Fungi of New Caledonia
In line with our enduring commitment to celebrating New Caledonia’s outstanding natural heritage, OPT-NC presents a new series of stamp issues dedicated to fungi, a basket full of surprises and delights.
This first diptych designed by Denis Vigier, in partnership with the New Caledonia Mycological Society (Société Mycologique de Nouvelle-Calédonie), features two striking species belonging to the Polyporaceae family: Panus lecomtei and Ryvardenia campyla, photographed respectively by Christian Lauderau and Philippe Bourdeau.
The first fungus is densely hairy from base to cap and is beautifully coloured in shades ranging from purple to lilac. The second is recognisable by its many-layered caps and cottony surface; it exudes reddish amber droplets of moisture when it is fresh.

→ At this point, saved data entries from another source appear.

Lemma finsuppD a (y1 y2 : S -> N) :
  finsupp y1 -> finsupp y2 -> finsupp (a *: y1 + y2).
Proof.
move=> f1 f2; have [c1 c2] := cover2_covers f1 f2.
by exists (cover2 y1 y2); apply: covers_lin.
Qed.

Lemma finsuppB (y1 y2 : S -> N) : finsupp y1 -> finsupp y2 -> finsupp (y1 - y2).
Proof. by move=> f1 f2; rewrite addrC -scaleN1r; apply: finsuppD. Qed.

End LinearFiniteSupport.

Definition push (S S' : choiceType) (V : zmodType) (phi : S -> S') (y : S -> V)
  : S' -> V := fun t => \sum_(s <- supp y | phi s == t) y s.

Definition ssum (S : choiceType) (V : zmodType) (y : S -> V) : V :=
  \sum_(s <- supp y) y s.

Section Pushforward.
Variables (S S' : choiceType) (V : zmodType).
Implicit Types (y : S -> V) (phi : S -> S').

Lemma push_covers phi y l t : finsupp y -> uniq l -> covers y l ->
  push phi y t = \sum_(s <- l | phi s == t) y s.
Proof.
move=> fy ul yl; rewrite /push !(big_mkcond (fun s => phi s == t)).
by apply: sum_supp => // s ->; case: ifP.
Qed.

Lemma push_neq0 phi y t : push phi y t != 0 -> exists2 s, phi s = t & y s != 0.
Proof.
apply: contraNP => /forall2NP none; rewrite /push big1 // => s /eqP phis.
by have [] := none s => // /negP; rewrite negbK => /eqP.
Qed.

Lemma finsupp_push phi y : finsupp y -> finsupp (push phi y).
Proof.
move=> fy; exists (map phi (supp y)) => t /push_neq0 [s <- ys].
by rewrite map_f ?(supp_covers fy).
Qed.

Lemma eq_push phi psi y : phi =1 psi -> push phi y = push psi y.
Proof. by move=> E; apply: funext => t; apply: eq_bigl => s; rewrite E. Qed.

Lemma push_inj phi y s : injective phi -> finsupp y -> push phi y (phi s) = y s.
Proof.
move=> iphi fy; rewrite /push (eq_bigl (fun t => t == s)) ?sum_supp_pred1 //.
by move=> t; rewrite inj_eq.
Qed.

Lemma push_id (phi : S -> S) y : phi =1 id -> finsupp y -> push phi y = y.
Proof.
move=> E fy; apply: funext => t.
by rewrite /push (eq_bigl (fun s => s == t)) ?sum_supp_pred1 // => s; rewrite E.
Qed.

End Pushforward.

(* Functoriality of the pushforward: pushing along phi then psi is pushing
   along psi \o phi.  Both sides sum y over the fibre of psi \o phi, grouped
   by the value of phi. *)
Lemma push_comp (S S' S'' : choiceType) (V : zmodType)
  (psi : S' -> S'') (phi : S -> S') (y : S -> V) :
  finsupp y -> push psi (push phi y) = push (psi \o phi) y.
Proof.
move=> fy; apply: funext => w.
have uim := undup_uniq (map phi (supp y)).
have cim : covers (push phi y) (undup (map phi (supp y))).
  by move=> t /push_neq0 [s <- ys]; rewrite mem_undup map_f ?(supp_covers fy).
rewrite (push_covers _ _ (finsupp_push phi fy) uim cim) /push.
rewrite (exchange_big_dep (fun s => psi (phi s) == w)) /=; last first.
  by move=> t s /eqP <- /eqP ->.
rewrite big_seq_cond [RHS]big_seq_cond; apply: eq_bigr => s /andP[ys /eqP psis].
rewrite (eq_bigl (fun t => t == phi s)) ?big_seq_pred1 ?mem_undup ?map_f //.
by move=> t; apply/andP/eqP => [[_ /eqP ->]|->] //; rewrite psis !eqxx.
Qed.

Lemma ssum_pushE (S : choiceType) (V : zmodType) (y : S -> V) :
  ssum y = push (fun _ => tt) y tt.
Proof. by []. Qed.

Lemma ssum_covers (S : choiceType) (V : zmodType) (y : S -> V) l :
  finsupp y -> uniq l -> covers y l -> ssum y = \sum_(s <- l) y s.
Proof. by move=> fy ul yl; apply: sum_supp. Qed.

Lemma ssum_push (S S' : choiceType) (V : zmodType) (phi : S -> S') (y : S -> V) :
  finsupp y -> ssum (push phi y) = ssum y.
Proof. by move=> fy; rewrite !ssum_pushE push_comp. Qed.

Section PushLinear.
Variables (R : pzRingType) (N : lmodType R) (S S' : choiceType).

Lemma pushD (phi : S -> S') a (y1 y2 : S -> N) : finsupp y1 -> finsupp y2 ->
  push phi (a *: y1 + y2) = a *: push phi y1 + push phi y2.
Proof.
move=> f1 f2; apply: funext => t; have [c1 c2] := cover2_covers f1 f2.
have u : uniq (cover2 y1 y2) := undup_uniq _.
rewrite fctDZ (push_covers _ _ f1 u c1) (push_covers _ _ f2 u c2).
rewrite (push_covers _ _ (finsuppD a f1 f2) u (covers_lin c1 c2)).
by rewrite scaler_sumr -big_split.
Qed.

Lemma push0 (phi : S -> S') : push phi (0 : S -> N) = 0.
Proof. by apply: funext => t; rewrite /push big1. Qed.

End PushLinear.

Section SumLinear.
Variables (R : pzRingType) (N : lmodType R) (S : choiceType).

Lemma ssumD a (y1 y2 : S -> N) : finsupp y1 -> finsupp y2 ->
  ssum (a *: y1 + y2) = a *: ssum y1 + ssum y2.
Proof. by move=> f1 f2; rewrite !ssum_pushE pushD. Qed.

Lemma ssum0 : ssum (0 : S -> N) = 0.
Proof. by rewrite ssum_pushE push0. Qed.

Lemma ssumB (y1 y2 : S -> N) : finsupp y1 -> finsupp y2 ->
  ssum (y1 - y2) = ssum y1 - ssum y2.
Proof. by move=> f1 f2; rewrite addrC -scaleN1r ssumD // scaleN1r addrC. Qed.

End SumLinear.

Lemma ssum_map (S : choiceType) (V T : zmodType) (F : S -> V -> T) (y : S -> V) :
  (forall s, F s 0 = 0) -> finsupp y ->
  ssum (fun s => F s (y s)) = \sum_(s <- supp y) F s (y s).
Proof.
move=> F0 fy; rewrite /ssum.
apply: (sum_supp (finsupp_map F0 fy) (supp_uniq y)) => // s.
by apply: contraR => /(covers_eq0 (supp_covers fy)) ->; rewrite F0 eqxx.
Qed.

Section PointMass.
Variables (S : choiceType) (V : zmodType).

Definition delta (q : S) (n : V) : S -> V := fun s => if s == q then n else 0.

Lemma delta_covers (q : S) (n : V) : covers (delta q n) [:: q].
Proof. by move=> s; rewrite mem_seq1 /delta; case: (s == q); rewrite ?eqxx. Qed.

Lemma finsupp_delta (q : S) (n : V) : finsupp (delta q n).
Proof. by exists [:: q]; apply: delta_covers. Qed.

Lemma ssum_delta (q : S) (n : V) : ssum (delta q n) = n.
Proof.
rewrite (ssum_covers (finsupp_delta q n) _ (@delta_covers q n)) //.
by rewrite big_seq1 /delta eqxx.
Qed.

Lemma delta_sum q (r : seq S) (F : S -> V) :
  delta q (\sum_(s <- r) F s) = \sum_(s <- r) delta q (F s).
Proof.
apply: funext => t; rewrite fct_sumE /delta /=.
by case: ifP => _ //; rewrite big1.
Qed.

Lemma sum_delta (y : S -> V) : finsupp y -> \sum_(s <- supp y) delta s (y s) = y.
Proof.
move=> fy; apply: funext => t; rewrite fct_sumE /delta -big_mkcond /=.
by rewrite (eq_bigl (fun s => s == t)) ?sum_supp_pred1 // => s; rewrite eq_sym.
Qed.

End PointMass.

Lemma deltaZD (R : pzRingType) (N : lmodType R) (S : choiceType) (q : S) a
  (n1 n2 : N) : delta q (a *: n1 + n2) = a *: delta q n1 + delta q n2.
Proof.
apply: funext => s; rewrite fctDZ /delta.
by case: (s == q); rewrite ?scaler0 ?addr0.
Qed.

Definition mkLin (R : pzRingType) (U V : lmodType R) (f : U -> V) (H : linear f)
  : {linear U -> V} := HB.pack f (GRing.isLinear.Build _ _ _ _ f H).

Lemma pairZD (R : pzRingType) (U V : lmodType R) a (x y : U * V) :
  a *: x + y = (a *: x.1 + y.1, a *: x.2 + y.2).
Proof. by case: x; case: y. Qed.

Section Pullback.
Variables (R : pzRingType) (M N : lmodType R) (v : {linear M -> N}).

(* [pullback v S] is the pullback of [v : M -> N] along the summation map
   N^(S) -> N: the pairs (m, y) with y finitely supported and ssum y = v m. *)
Definition pullback_pred (S : choiceType) : {pred M * (S -> N)} :=
  fun x => `[< finsupp x.2 /\ ssum x.2 = v x.1 >].

Lemma pullback_closed (S : choiceType) : submod_closed (@pullback_pred S).
Proof.
split.
  by apply/asboolP; split; [exact: finsupp0 | rewrite ssum0 /= linear0].
move=> a x y /asboolP[fx sx] /asboolP[fy sy]; apply/asboolP; split.
  exact: finsuppD.
by rewrite /= ssumD // sx sy linearP.
Qed.

HB.instance Definition _ (S : choiceType) :=
  GRing.isSubmodClosed.Build R (M * (S -> N))%type (@pullback_pred S)
    (pullback_closed S).

Definition pullback (S : choiceType) :=
  {x : M * (S -> N) | x \in @pullback_pred S}.
HB.instance Definition _ (S : choiceType) :=
  [isSub of pullback S for (@sval _ (fun x => x \in @pullback_pred S))].
HB.instance Definition _ (S : choiceType) := [Choice of pullback S by <:].
HB.instance Definition _ (S : choiceType) :=
  [SubChoice_isSubLmodule of pullback S by <:].

Definition pbpair (S : choiceType) (m : M) (y : S -> N)
  (fy : finsupp y) (sy : ssum y = v m) : pullback S :=
  exist _ (m, y) (asboolT (conj fy sy)).

Lemma pb_finsupp (S : choiceType) (w : pullback S) : finsupp (val w).2.
Proof. by case: w => x /= /asboolP[]. Qed.

Lemma pb_sum (S : choiceType) (w : pullback S) : ssum (val w).2 = v (val w).1.
Proof. by case: w => x /= /asboolP[]. Qed.

Section PullbackMap.
Variables (S S' : choiceType) (phi : S -> S').

Definition pbmap_fun (w : pullback S) : pullback S' :=
  pbpair (finsupp_push phi (pb_finsupp w))
    (etrans (ssum_push phi (pb_finsupp w)) (pb_sum w)).

Lemma pbmap_lin : linear pbmap_fun.
Proof.
by move=> a w1 w2; apply: val_inj; rewrite /= pushD //; apply: pb_finsupp.
Qed.

Definition pbmap : {linear pullback S -> pullback S'} := mkLin pbmap_lin.

Lemma pbmapE w : val (pbmap w) = ((val w).1, push phi (val w).2).
Proof. by []. Qed.

End PullbackMap.

Lemma pbmap_id (S : choiceType) (phi : S -> S) w : phi =1 id -> pbmap phi w = w.
Proof.
move=> E; apply: val_inj; rewrite pbmapE (push_id E (pb_finsupp w)).
by case: w => [[]].
Qed.

Lemma pbmap_comp (S S' S'' : choiceType) (psi : S' -> S'') (phi : S -> S')
  (chi : S -> S'') w : psi \o phi =1 chi -> pbmap psi (pbmap phi w) = pbmap chi w.
Proof.
move=> E; apply: val_inj.
by rewrite !pbmapE (push_comp psi phi (pb_finsupp w)) (eq_push _ E).
Qed.

Section KernelEmbedding.
Variables (A : lmodType R) (u : {linear A -> M}) (vu : forall a, v (u a) = 0).
Variable S : choiceType.

Definition pbker_fun (a : A) : pullback S :=
  pbpair (finsupp0 _ _) (etrans (ssum0 _ _) (esym (vu a))).

Lemma pbker_lin : linear pbker_fun.
Proof.
by move=> a x y; apply: val_inj; rewrite /= pairZD /= linearP scaler0 addr0.
Qed.

Definition pbker : {linear A -> pullback S} := mkLin pbker_lin.

Lemma pbkerE a : val (pbker a) = (u a, 0).
Proof. by []. Qed.

End KernelEmbedding.

Lemma pbmap_ker (A : lmodType R) (u : {linear A -> M})
  (vu : forall a, v (u a) = 0) (S S' : choiceType)
  (phi : S -> S') a : pbmap phi (pbker vu S a) = pbker vu S' a.
Proof. by apply: val_inj; rewrite pbmapE /= push0. Qed.

End Pullback.

Section PullbackDirectSum.
Variables (R : pzRingType) (M N : lmodType R) (v : {linear M -> N}).
Variables (S : choiceType) (p : S).

Definition incM_fun (m : M) : pullback v S :=
  pbpair (finsupp_delta p (v m)) (ssum_delta p (v m)).

Lemma incM_lin : linear incM_fun.
Proof.
by move=> a m1 m2; apply: val_inj; rewrite /= pairZD /= !linearP deltaZD.
Qed.

Definition incM : {linear M -> pullback v S} := mkLin incM_lin.

Lemma ssum_incN q (n : N) : ssum (delta q n - delta p n) = v 0.
Proof. by rewrite ssumB ?ssum_delta ?subrr ?linear0 //; exact: finsupp_delta. Qed.

Definition incN_fun q (n : N) : pullback v S :=
  pbpair (finsuppB (finsupp_delta q n) (finsupp_delta p n)) (ssum_incN q n).

Lemma incN_lin q : linear (incN_fun q).
Proof.
move=> a n1 n2; apply: val_inj; rewrite /= pairZD /= scaler0 addr0 !deltaZD.
by rewrite scalerBr addrACA opprD.
Qed.

Definition incN q : {linear N -> pullback v S} := mkLin (incN_lin q).

Lemma incN_p n : incN p n = 0.
Proof. by apply: val_inj; rewrite /= subrr. Qed.

Definition summand (j : option {s : S | s <> p}) : lmodType R :=
  if j is Some _ then N else M.

Definition summand_inc (j : option {s : S | s <> p}) :
  {linear summand j -> pullback v S} :=
  if j is Some q then incN (sval q) else incM.

(* Every element (m, y) decomposes as (m, v m at p) plus, for each s in the
   support of y, (0, y s at s - y s at p); this is where sum y = v m is used. *)
Lemma pullback_decomp (w : pullback v S) :
  w = incM (val w).1 + \sum_(s <- supp (val w).2) incN s ((val w).2 s).
Proof.
apply: val_inj; rewrite raddfD raddf_sum.
case: w => -[m y] /= /asboolP[fy sy]; apply: injective_projections => /=.
  by rewrite (raddf_sum (@fst _ _)) big1 ?addr0.
rewrite (raddf_sum (@snd _ _)) /= sumrB sum_delta // -delta_sum -/(ssum y) sy.
by rewrite addrC subrK.
Qed.

Section UniversalMap.
Variables (T : lmodType R) (g : forall j, {linear summand j -> T}).

Definition gN (s : S) (n : N) : T :=
  if pselect (s <> p) is left H then g (Some (exist _ s H)) n else 0.

Lemma gN0 s : gN s 0 = 0.
Proof. by rewrite /gN; case: pselect => // H; rewrite linear0. Qed.

Lemma gNp n : gN p n = 0.
Proof. by rewrite /gN; case: pselect. Qed.

Lemma gNE q (Hq : q <> p) n : gN q n = g (Some (exist _ q Hq)) n.
Proof. by rewrite /gN; case: pselect => // H; rewrite (Prop_irrelevance H Hq). Qed.

Lemma gNZD s a n1 n2 : gN s (a *: n1 + n2) = a *: gN s n1 + gN s n2.
Proof. by rewrite /gN; case: pselect => H; rewrite ?linearP // scaler0 addr0. Qed.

These two specimens are saprophytes, fungi which feed on dead or decomposing organic material, extracting the elements (polysaccharides, sugars, alcohols, organic acids, lignin, proteins, amino acids...) they need for their metabolism and nutrition.
Along with bacteria, fungi play a vital role in the balance of ecosystems, breaking down decaying debris left by dead plants and animals and releasing nutrients and minerals which help to maintain soil health. Found all around the world in a wide range of habitats, estimates put the global number of fungal species at 5 to 10 million. The species growing in New Caledonia are estimated at 30,000, with currently just 500 species having been officially identified by specialists.
Founded in 2008 by fungi enthusiasts, the New Caledonia Mycological Society is committed to increasing and disseminating knowledge about fungi. The Society conducts frequent surveys aimed at identifying new endemic or non-endemic species.